社会全体のロボットへのリテラシーを上げる

 今回の北京ロボットハーフマラソンを見て、筆者が最も重要だと感じたのは、「矛盾した状態を社会が許容している」ことだった。

 現時点で、人型ロボットはまだ大きく儲かっていない。どこで利益が出るのかも、実はまだよくわからない。一方で、技術的な意義は確実に存在する。冷却、電源、関節制御、遠隔支援、AI、運用、安全管理――今回の競技で試されたものは、人型か非人型かを問わず、将来のロボット産業へ還元される可能性が高い。そして、それをビジネスチャレンジとして多くの企業や開発者が試している。

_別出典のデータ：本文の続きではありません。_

(* Let $R$ be a commutative Bezout domain of stable range 1.5, let $n\ge 2$, let $a_1,\dots,a_n\in R$ with $(a_1,\dots,a_n)=1$, let $\psi\in R$ be a fixed nonzero element, and fix an index $i$ with $2\le i\le n$. Then there exist $u_1,\dots,u_n\in R$ satisfying simultaneously: (1) $u_1a_1+\dots+u_na_n=1$; (2) $(u_1,\dots,u_i)=1$; (3) $(u_i,\psi)=1$.
   Context: A commutative Bezout domain is a commutative integral domain with $1\ne0$ in which every finitely generated ideal is principal; $(a,b,\dots)$ denotes a greatest common divisor. A commutative Bezout domain $R$ has stable range 1.5 if for all $a,b\in R$ and all $c\in R\setminus\{0\}$ with $(a,b,c)=1$ there exists $r\in R$ with $(a+br,c)=1$. *)

From HB Require Import structures.
From mathcomp Require Import all_boot all_order all_algebra.
Set Implicit Arguments. Unset Strict Implicit. Unset Printing Implicit Defensive.
Import GRing.Theory.
Local Open Scope ring_scope.

Definition rdvd (R : idomainType) (d x : R) : Prop := exists c : R, x = c * d.

Definition gcd_one (R : idomainType) (s : seq R) : Prop :=
  forall d : R, (forall x, x \in s -> rdvd d x) -> d \is a GRing.unit.

Definition fg_ideal_principal (R : idomainType) (s : seq R) : Prop :=
  exists d : R,
    (forall x, x \in s -> rdvd d x) /\
    exists c : seq R, size c = size s /\ d = \sum_(k < size s) c`_k * s`_k.

Definition bezout_domain (R : idomainType) : Prop :=
  forall s : seq R, fg_ideal_principal s.

Definition stable_range_1_5 (R : idomainType) : Prop :=
  forall a b c : R, c != 0 -> gcd_one [:: a; b; c] ->
    exists r : R, gcd_one [:: a + b * r; c].

From HB Require Import structures.
From mathcomp Require Import all_boot all_order all_algebra.
From mathcomp Require Import zify ring.
Set Implicit Arguments. Unset Strict Implicit. Unset Printing Implicit Defensive.
Import GRing.Theory.
Local Open Scope ring_scope.

(* Let e be a gcd of the a_j with j different from 1 and i.  Since (a_1, a_i, e) = 1,
   the problem reduces to three generators: find a_1 α + a_i β + e γ = 1 with
   (α, β) = 1 and (β, ψ) = 1, and spread γ over the a_j through a Bezout identity
   for e.  With d = (a_1, e) we have (d, a_i) = 1, say x d + y a_i = 1; stable
   range 1.5 applied to (y, d, ψ) makes β := y + d r coprime to ψ, and applied a
   second time to (α, e, β) it makes α coprime to β without touching β. *)

Section Divisibility.
Variable R : idomainType.
Implicit Types x y z g d : R.

Lemma rdvd_trans g d x : rdvd g d -> rdvd d x -> rdvd g x.
Proof. by move=> [c ->] [c' ->]; exists (c' * c); rewrite mulrA. Qed.

Lemma rdvdD g x y : rdvd g x -> rdvd g y -> rdvd g (x + y).
Proof. by move=> [c ->] [c' ->]; exists (c + c'); rewrite mulrDl. Qed.

Lemma rdvdMl g x y : rdvd g x -> rdvd g (y * x).
Proof. by move=> [c ->]; exists (y * c); rewrite mulrA. Qed.

Lemma rdvd1_unit g : rdvd g 1 -> g \is a GRing.unit.
Proof. by move=> [c Hc]; apply/unitrP; exists c; rewrite [g * c]mulrC -Hc. Qed.

Lemma gcd_one_sub (s t : seq R) : {subset s <= t} -> gcd_one s -> gcd_one t.
Proof. by move=> st Hs g Hg; apply: Hs => x /st; apply: Hg. Qed.

Lemma gcd_one_mem1 (s : seq R) : 1 \in s -> gcd_one s.
Proof. by move=> s1 g Hg; apply/rdvd1_unit/Hg. Qed.

Lemma gcd_one2P x y :
  gcd_one [:: x; y] <-> forall g, rdvd g x -> rdvd g y -> g \is a GRing.unit.
Proof.
split=> [H g gx gy | H g Hg]; last by apply: H; apply: Hg; rewrite !inE eqxx ?orbT.
by apply: H => z; rewrite !inE => /orP[] /eqP ->.
Qed.

Lemma gcd_one3P x y z :
  gcd_one [:: x; y; z] <->
  forall g, rdvd g x -> rdvd g y -> rdvd g z -> g \is a GRing.unit.
Proof.
split=> [H g gx gy gz | H g Hg]; last by apply: H; apply: Hg; rewrite !inE eqxx ?orbT.
by apply: H => w; rewrite !inE => /or3P[] /eqP ->.
Qed.

Lemma gcd_one3_comb u v w x y z : u * x + v * y + w * z = 1 -> gcd_one [:: x; y; z].
Proof.
move=> Huvw; apply/gcd_one3P => g gx gy gz; apply: rdvd1_unit.
by rewrite -Huvw; apply: rdvdD; [apply: rdvdD|]; apply: rdvdMl.
Qed.

End Divisibility.

Section Bezout.
Variable R : idomainType.
Hypothesis hB : bezout_domain R.
Implicit Types x y : R.

Lemma bezout_gcd_nat (f : nat -> R) (m n : nat) :
  exists e (w : nat -> R), (forall j, (m <= j < n)%N -> rdvd e (f j)) /\
                           e = \sum_(m <= j < n) w j * f j.
Proof.
have [e [He [c [Hcs Hec]]]] := hB [seq f j | j <- iota m (n - m)].
exists e, (fun j => c`_(j - m)); split.
  by move=> j Hj; apply: He; apply: map_f; rewrite mem_iota; lia.
rewrite Hec size_map size_iota -[in RHS](add0n m) big_addn big_mkord.
by apply: eq_bigr => k _; rewrite addnK (nth_map 0%N) ?size_iota // nth_iota // addnC.
Qed.

Lemma bezout_gcd2 x y :
  exists d p q, [/\ rdvd d x, rdvd d y & d = p * x + q * y].
Proof.
have [d [w [Hdw Hd]]] := bezout_gcd_nat (fun j => if j == 0%N then x else y) 0 2.
exists d, (w 0%N), (w 1%N).
split; [exact: (Hdw 0%N) | exact: (Hdw 1%N) |].
by rewrite Hd big_nat_recl // big_nat1.
Qed.

Lemma gcd_one2_bezout x y : gcd_one [:: x; y] -> exists p q, p * x + q * y = 1.
Proof.
move=> /gcd_one2P Hxy; have [d [p [q [dx dy Hd]]]] := bezout_gcd2 x y.
have Ud := Hxy d dx dy.
by exists (d^-1 * p), (d^-1 * q); rewrite -!mulrA -mulrDr -Hd mulVr.
Qed.

End Bezout.

Section StableRange.
Variable R : idomainType.
Hypothesis hB : bezout_domain R.
Hypothesis hS : stable_range_1_5 R.
Implicit Types a b e psi : R.

Lemma coeff_coprime_psi a b e psi : psi != 0 -> gcd_one [:: a; b; e] ->
  exists al be ga, al * a + be * b + ga * e = 1 /\ gcd_one [:: be; psi].
Proof.
move=> psi0 /gcd_one3P Habe.
have [d [p [q [da de Hd]]]] := bezout_gcd2 hB a e.
have [x [y Hxy]] : exists x y, x * d + y * b = 1.
  apply/gcd_one2_bezout/gcd_one2P => // g gd gb.
  by apply: Habe => //; apply: rdvd_trans gd _.
have [r Hr] : exists r, gcd_one [:: y + d * r; psi].
  by apply: hS => //; apply: (@gcd_one3_comb _ b x 0); rewrite -Hxy; ring.
exists ((x - r * b) * p), (y + d * r), ((x - r * b) * q); split=> //.
by rewrite -Hxy Hd; ring.
Qed.

Lemma coeff_coprime_adjust a b e al be ga : be != 0 ->
  al * a + be * b + ga * e = 1 ->
  exists al' ga', al' * a + be * b + ga' * e = 1 /\ gcd_one [:: al'; be].
Proof.
move=> be0 Hsum.
have [s Hs] : exists s, gcd_one [:: al + e * s; be].
  by apply: hS => //; apply: (@gcd_one3_comb _ a ga b); rewrite -Hsum; ring.
by exists (al + e * s), (ga - s * a); split=> //; rewrite -Hsum; ring.
Qed.

Lemma unimodular3_coprime_coeffs a b e psi : psi != 0 -> gcd_one [:: a; b; e] ->
  exists al be ga,
    [/\ al * a + be * b + ga * e = 1, gcd_one [:: al; be] & gcd_one [:: be; psi]].
Proof.
move=> psi0 Habe; have [al [be [ga [Hsum Hpsi]]]] := coeff_coprime_psi psi0 Habe.
have [be0|be0] := eqVneq be 0.
  (* stable range cannot be applied with modulus 0; but now a and e generate the
     unit ideal, so b may get coefficient 1 *)
  exists (al * (1 - b)), 1, (ga * (1 - b)).
  split; try by apply: gcd_one_mem1; rewrite !inE eqxx ?orbT.
  move: Hsum; rewrite be0 mul0r addr0 => Hsum.
  transitivity ((al * a + ga * e) * (1 - b) + b); first by ring.
  by rewrite Hsum; ring.
have [al' [ga' [Hsum' Halbe]]] := coeff_coprime_adjust be0 Hsum.
by exists al', be, ga'.
Qed.

End StableRange.

Lemma sum_coeffs_split (R : comPzRingType) (n i : nat) (a w : nat -> R) (al be ga : R) :
  (2 <= i <= n)%N ->
  \sum_(1 <= j < n.+1) (if j == 1%N then al else if j == i then be else ga * w j) * a j
  = al * a 1%N + be * a i + ga * \sum_(2 <= j < n.+1) w j * (if j == i then 0 else a j).
Proof.
move=> hi; rewrite big_ltn; last lia.
rewrite eqxx -addrA mulr_sumr; congr (_ + _).
rewrite (eq_big_nat _ _ (F2 := fun j =>
  (if j == i then be * a i else 0) + ga * (w j * (if j == i then 0 else a j)))).
  by rewrite big_split /= -big_mkcond big_nat1_eq ifT //; lia.
move=> j Hj; have -> : (j == 1%N) = false by apply/eqP; lia.
by case: eqVneq => [->|_]; rewrite ?mulr0 ?addr0 ?add0r ?mulrA.
Qed.

Theorem theorem1p9 (R : idomainType) (hB : bezout_domain R)
  (hS : stable_range_1_5 R) (n : nat) (hn : (2 <= n)%N) (a : nat -> R)
  (ha : gcd_one [seq a j | j <- iota 1 n]) (psi : R) (hpsi : psi != 0)
  (i : nat) (hi : (2 <= i <= n)%N) :
  exists u : nat -> R,
    [/\ \sum_(1 <= j < n.+1) u j * a j = 1,
        gcd_one [seq u j | j <- iota 1 i] &
        gcd_one [:: u i; psi]].
Proof.
pose b j := if j == i then 0 else a j.
have [e [w [He Hew]]] := bezout_gcd_nat hB b 2 n.+1.
have Ha1ie : gcd_one [:: a 1%N; a i; e].
  apply/gcd_one3P => g g1 gi ge; apply: ha => x /mapP [j]; rewrite mem_iota => Hj ->.
  have [->|j1] := eqVneq j 1%N; first done.
  have [->|ji] := eqVneq j i; first done.
  by apply: rdvd_trans ge _; have := He j; rewrite /b (negbTE ji); apply; lia.
have [al [be [ga [Hsum Halbe Hbepsi]]]] :=
  unimodular3_coprime_coeffs hB hS hpsi Ha1ie.
have i1 : (i == 1%N) = false by apply/eqP; lia.
exists (fun j => if j == 1%N then al else if j == i then be else ga * w j).
split; last by rewrite i1 eqxx.
  by rewrite sum_coeffs_split // -Hew.
apply: gcd_one_sub Halbe => x; rewrite !inE => /orP[] /eqP ->; apply/mapP.
  by exists 1%N; rewrite ?mem_iota //; lia.
by exists i; rewrite ?mem_iota ?i1 ?eqxx //; lia.
Qed.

 普通なら、「儲からないならやめろ」という話になりがちだ。しかし北京では、「まだ答えはないが、とにかくやってみよう」が成立している。さらに興味深いのは、その挑戦を技術者だけでなく社会全体が見ていることだ。一般ランナーが参加し、観客が応援し、メディアが報じる。失敗して転んでも、それを含めて「面白い」と受け止める。

「成果が出ていないから無意味」ではなく、「挑戦していること自体に価値がある」という空気がある。これは技術者だけの話ではない。新しい技術は、最初から完成された形で社会に現れるわけではなく、失敗し、誤解され、試行錯誤を繰り返しながら、少しずつ社会との接点を作っていく。

 北京ロボットハーフマラソンは、その過程を社会全体で共有するイベントだった。人型ロボットの実用化はまだ遠い。しかし、その「遠さ」を公開しながら、社会全体で試行錯誤を支える文化には大きな意味がある。だからこそ、このイベントはロボット技術者だけではなく、「新しい技術と社会の関係」に関心を持つ人すべてが注目すべきイベントだと感じた。